### ASSIGNMENT:
Restate word for word the lines of the material below, from the line with "t1 == x t1)]." to the line with "Lemma expectD (f", both lines included, and no others.

### DATASET EXTRACT:
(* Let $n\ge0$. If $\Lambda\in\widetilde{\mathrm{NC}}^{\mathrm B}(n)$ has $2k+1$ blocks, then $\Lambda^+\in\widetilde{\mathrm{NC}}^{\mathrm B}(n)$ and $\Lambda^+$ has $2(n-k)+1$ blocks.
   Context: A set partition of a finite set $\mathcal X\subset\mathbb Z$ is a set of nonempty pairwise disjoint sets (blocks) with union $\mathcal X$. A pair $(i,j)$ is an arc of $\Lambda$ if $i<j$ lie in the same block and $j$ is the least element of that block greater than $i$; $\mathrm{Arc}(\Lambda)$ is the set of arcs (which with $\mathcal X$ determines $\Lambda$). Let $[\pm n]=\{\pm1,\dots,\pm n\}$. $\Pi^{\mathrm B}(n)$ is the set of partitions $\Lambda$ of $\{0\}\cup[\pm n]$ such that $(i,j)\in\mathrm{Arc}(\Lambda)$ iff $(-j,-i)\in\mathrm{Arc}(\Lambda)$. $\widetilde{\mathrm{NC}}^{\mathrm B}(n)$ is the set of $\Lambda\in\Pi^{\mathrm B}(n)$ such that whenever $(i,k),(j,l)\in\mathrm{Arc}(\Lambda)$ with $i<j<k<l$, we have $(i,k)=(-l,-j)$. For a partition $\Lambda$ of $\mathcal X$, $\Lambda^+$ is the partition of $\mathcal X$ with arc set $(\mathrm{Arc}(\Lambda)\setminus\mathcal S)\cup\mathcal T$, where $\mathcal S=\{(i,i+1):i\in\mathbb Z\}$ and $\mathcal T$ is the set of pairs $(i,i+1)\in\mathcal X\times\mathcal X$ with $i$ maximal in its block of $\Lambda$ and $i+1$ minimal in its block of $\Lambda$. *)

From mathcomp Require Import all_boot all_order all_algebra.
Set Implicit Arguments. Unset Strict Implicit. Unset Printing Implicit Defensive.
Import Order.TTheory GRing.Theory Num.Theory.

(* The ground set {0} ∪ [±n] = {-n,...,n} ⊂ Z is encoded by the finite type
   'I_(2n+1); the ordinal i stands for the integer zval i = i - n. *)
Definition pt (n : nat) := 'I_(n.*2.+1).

* * *

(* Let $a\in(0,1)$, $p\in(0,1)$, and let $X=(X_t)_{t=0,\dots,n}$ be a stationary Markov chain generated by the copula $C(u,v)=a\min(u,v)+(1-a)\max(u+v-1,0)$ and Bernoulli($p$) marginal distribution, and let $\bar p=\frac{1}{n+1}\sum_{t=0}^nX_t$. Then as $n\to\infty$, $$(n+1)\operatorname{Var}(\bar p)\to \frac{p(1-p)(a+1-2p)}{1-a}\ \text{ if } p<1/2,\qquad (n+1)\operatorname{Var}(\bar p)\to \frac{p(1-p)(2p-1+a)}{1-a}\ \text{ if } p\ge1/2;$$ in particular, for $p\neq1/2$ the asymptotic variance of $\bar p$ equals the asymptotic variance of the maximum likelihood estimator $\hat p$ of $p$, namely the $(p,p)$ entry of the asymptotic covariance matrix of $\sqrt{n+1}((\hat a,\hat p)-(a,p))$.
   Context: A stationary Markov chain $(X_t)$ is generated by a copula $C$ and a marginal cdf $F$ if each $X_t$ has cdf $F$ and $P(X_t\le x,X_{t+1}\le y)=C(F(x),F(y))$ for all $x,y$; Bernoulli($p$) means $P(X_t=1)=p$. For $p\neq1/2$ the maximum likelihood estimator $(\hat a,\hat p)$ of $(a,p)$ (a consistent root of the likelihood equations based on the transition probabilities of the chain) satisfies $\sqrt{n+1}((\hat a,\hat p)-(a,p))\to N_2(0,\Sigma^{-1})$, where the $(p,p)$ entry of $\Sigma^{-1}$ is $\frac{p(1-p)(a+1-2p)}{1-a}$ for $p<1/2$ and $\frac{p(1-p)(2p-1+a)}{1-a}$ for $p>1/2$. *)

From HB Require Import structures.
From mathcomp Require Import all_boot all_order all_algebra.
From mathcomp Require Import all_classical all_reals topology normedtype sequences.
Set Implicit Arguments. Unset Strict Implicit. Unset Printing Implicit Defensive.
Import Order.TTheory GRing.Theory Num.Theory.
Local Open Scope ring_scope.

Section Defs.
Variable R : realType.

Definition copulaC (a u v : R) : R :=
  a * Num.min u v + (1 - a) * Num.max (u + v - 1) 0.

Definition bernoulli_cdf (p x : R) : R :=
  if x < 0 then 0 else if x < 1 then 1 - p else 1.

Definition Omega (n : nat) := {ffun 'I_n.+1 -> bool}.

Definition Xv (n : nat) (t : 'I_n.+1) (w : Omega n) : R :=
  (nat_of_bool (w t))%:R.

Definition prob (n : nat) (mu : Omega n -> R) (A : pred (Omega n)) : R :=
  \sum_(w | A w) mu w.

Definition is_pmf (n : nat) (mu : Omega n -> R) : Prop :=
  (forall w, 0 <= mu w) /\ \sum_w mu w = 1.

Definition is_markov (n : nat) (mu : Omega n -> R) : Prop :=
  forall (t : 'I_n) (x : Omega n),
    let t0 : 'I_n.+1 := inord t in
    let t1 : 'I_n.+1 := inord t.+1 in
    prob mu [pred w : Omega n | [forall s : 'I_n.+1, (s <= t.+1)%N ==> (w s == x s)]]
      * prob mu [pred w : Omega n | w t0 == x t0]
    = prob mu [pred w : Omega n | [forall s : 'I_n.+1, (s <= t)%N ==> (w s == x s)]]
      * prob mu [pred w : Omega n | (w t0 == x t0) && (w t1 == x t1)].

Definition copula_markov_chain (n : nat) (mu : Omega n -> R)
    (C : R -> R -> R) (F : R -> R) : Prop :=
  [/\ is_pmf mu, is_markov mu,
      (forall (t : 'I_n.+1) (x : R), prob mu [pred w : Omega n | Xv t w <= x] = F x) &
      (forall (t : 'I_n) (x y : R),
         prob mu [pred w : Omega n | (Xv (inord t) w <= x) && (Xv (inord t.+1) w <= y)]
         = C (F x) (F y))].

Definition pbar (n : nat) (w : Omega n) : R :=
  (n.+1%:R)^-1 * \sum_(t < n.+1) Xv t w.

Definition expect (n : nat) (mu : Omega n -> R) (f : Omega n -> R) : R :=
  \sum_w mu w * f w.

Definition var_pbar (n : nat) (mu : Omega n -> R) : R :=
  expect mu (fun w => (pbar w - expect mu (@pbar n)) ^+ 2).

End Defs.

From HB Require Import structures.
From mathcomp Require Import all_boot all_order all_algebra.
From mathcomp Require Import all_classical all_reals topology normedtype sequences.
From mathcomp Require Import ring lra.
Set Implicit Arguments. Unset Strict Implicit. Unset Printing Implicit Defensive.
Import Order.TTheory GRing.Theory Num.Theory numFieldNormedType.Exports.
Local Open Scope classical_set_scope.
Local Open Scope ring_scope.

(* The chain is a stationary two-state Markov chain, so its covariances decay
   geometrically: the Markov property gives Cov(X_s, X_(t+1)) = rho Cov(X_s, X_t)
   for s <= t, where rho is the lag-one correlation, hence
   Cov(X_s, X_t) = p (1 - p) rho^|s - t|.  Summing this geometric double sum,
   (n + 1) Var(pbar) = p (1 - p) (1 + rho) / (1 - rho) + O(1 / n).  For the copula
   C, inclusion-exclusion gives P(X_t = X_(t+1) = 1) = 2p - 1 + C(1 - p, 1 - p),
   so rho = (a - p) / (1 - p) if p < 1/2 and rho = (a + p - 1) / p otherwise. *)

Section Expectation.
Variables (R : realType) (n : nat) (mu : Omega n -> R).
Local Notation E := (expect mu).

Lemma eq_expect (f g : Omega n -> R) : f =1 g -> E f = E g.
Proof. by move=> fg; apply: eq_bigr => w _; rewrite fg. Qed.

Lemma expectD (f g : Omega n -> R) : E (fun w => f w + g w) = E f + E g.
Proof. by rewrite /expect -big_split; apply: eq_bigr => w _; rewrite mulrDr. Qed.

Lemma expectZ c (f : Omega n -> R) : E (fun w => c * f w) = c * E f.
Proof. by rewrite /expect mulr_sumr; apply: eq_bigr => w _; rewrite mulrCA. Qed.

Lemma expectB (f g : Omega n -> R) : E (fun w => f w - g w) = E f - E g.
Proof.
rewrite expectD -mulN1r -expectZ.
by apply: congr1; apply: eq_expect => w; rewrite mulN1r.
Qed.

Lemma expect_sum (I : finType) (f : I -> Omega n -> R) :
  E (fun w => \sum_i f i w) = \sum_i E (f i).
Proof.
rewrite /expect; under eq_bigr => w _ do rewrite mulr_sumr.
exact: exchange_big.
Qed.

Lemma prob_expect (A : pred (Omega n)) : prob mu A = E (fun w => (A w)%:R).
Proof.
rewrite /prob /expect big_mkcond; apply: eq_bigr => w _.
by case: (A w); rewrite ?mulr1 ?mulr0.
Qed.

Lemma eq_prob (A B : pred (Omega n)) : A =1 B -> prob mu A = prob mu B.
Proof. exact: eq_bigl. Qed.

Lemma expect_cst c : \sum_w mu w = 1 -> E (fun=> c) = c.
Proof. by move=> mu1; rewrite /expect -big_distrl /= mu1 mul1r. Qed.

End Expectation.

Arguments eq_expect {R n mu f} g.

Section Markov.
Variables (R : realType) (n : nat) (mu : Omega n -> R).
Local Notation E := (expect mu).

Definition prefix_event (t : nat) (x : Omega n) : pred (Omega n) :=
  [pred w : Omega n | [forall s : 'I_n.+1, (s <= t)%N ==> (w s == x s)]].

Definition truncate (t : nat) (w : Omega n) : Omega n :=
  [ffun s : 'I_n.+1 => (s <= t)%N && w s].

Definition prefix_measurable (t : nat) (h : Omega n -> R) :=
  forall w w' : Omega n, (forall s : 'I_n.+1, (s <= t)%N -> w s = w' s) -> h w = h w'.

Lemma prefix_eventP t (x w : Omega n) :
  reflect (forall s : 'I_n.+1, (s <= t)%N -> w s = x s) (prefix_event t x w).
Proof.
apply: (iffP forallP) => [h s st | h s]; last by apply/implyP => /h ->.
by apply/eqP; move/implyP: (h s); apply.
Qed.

==

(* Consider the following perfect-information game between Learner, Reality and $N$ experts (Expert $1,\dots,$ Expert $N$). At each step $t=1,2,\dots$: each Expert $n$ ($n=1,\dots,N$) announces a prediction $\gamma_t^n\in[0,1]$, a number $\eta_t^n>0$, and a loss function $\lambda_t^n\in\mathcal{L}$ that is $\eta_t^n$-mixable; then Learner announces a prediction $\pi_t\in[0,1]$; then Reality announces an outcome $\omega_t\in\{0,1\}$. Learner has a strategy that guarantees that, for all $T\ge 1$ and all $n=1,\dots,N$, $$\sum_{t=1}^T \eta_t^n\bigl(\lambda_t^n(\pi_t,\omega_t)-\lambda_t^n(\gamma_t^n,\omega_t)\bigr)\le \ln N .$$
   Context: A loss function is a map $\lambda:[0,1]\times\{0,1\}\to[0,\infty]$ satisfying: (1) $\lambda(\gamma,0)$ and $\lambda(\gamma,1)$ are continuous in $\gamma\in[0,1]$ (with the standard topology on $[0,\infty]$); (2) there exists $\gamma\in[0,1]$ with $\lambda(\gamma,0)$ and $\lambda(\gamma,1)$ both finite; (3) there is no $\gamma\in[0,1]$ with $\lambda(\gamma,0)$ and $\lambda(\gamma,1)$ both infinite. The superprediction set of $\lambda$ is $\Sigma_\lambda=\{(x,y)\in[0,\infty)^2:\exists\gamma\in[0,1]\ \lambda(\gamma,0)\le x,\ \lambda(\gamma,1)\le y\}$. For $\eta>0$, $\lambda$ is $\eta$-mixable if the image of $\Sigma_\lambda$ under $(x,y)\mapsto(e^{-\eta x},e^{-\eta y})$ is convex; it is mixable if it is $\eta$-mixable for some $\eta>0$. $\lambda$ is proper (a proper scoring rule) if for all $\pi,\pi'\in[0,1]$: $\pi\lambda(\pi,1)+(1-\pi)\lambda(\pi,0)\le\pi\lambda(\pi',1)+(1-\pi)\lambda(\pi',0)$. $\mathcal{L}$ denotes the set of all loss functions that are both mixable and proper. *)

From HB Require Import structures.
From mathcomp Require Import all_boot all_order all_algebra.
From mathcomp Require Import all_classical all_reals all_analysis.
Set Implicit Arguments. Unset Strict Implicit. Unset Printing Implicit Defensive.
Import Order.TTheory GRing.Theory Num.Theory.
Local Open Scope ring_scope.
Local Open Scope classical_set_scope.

### WRITTEN SOLUTION:
      * prob mu [pred w : Omega n | (w t0 == x t0) && (w t1 == x t1)].

Definition copula_markov_chain (n : nat) (mu : Omega n -> R)
    (C : R -> R -> R) (F : R -> R) : Prop :=
  [/\ is_pmf mu, is_markov mu,
      (forall (t : 'I_n.+1) (x : R), prob mu [pred w : Omega n | Xv t w <= x] = F x) &
      (forall (t : 'I_n) (x y : R),
         prob mu [pred w : Omega n | (Xv (inord t) w <= x) && (Xv (inord t.+1) w <= y)]
         = C (F x) (F y))].

Definition pbar (n : nat) (w : Omega n) : R :=
  (n.+1%:R)^-1 * \sum_(t < n.+1) Xv t w.

Definition expect (n : nat) (mu : Omega n -> R) (f : Omega n -> R) : R :=
  \sum_w mu w * f w.

Definition var_pbar (n : nat) (mu : Omega n -> R) : R :=
  expect mu (fun w => (pbar w - expect mu (@pbar n)) ^+ 2).

End Defs.

From HB Require Import structures.
From mathcomp Require Import all_boot all_order all_algebra.
From mathcomp Require Import all_classical all_reals topology normedtype sequences.
From mathcomp Require Import ring lra.
Set Implicit Arguments. Unset Strict Implicit. Unset Printing Implicit Defensive.
Import Order.TTheory GRing.Theory Num.Theory numFieldNormedType.Exports.
Local Open Scope classical_set_scope.
Local Open Scope ring_scope.

(* The chain is a stationary two-state Markov chain, so its covariances decay
   geometrically: the Markov property gives Cov(X_s, X_(t+1)) = rho Cov(X_s, X_t)
   for s <= t, where rho is the lag-one correlation, hence
   Cov(X_s, X_t) = p (1 - p) rho^|s - t|.  Summing this geometric double sum,
   (n + 1) Var(pbar) = p (1 - p) (1 + rho) / (1 - rho) + O(1 / n).  For the copula
   C, inclusion-exclusion gives P(X_t = X_(t+1) = 1) = 2p - 1 + C(1 - p, 1 - p),
   so rho = (a - p) / (1 - p) if p < 1/2 and rho = (a + p - 1) / p otherwise. *)

Section Expectation.
Variables (R : realType) (n : nat) (mu : Omega n -> R).
Local Notation E := (expect mu).

Lemma eq_expect (f g : Omega n -> R) : f =1 g -> E f = E g.
Proof. by move=> fg; apply: eq_bigr => w _; rewrite fg. Qed.

Lemma expectD (f g : Omega n -> R) : E (fun w => f w + g w) = E f + E g.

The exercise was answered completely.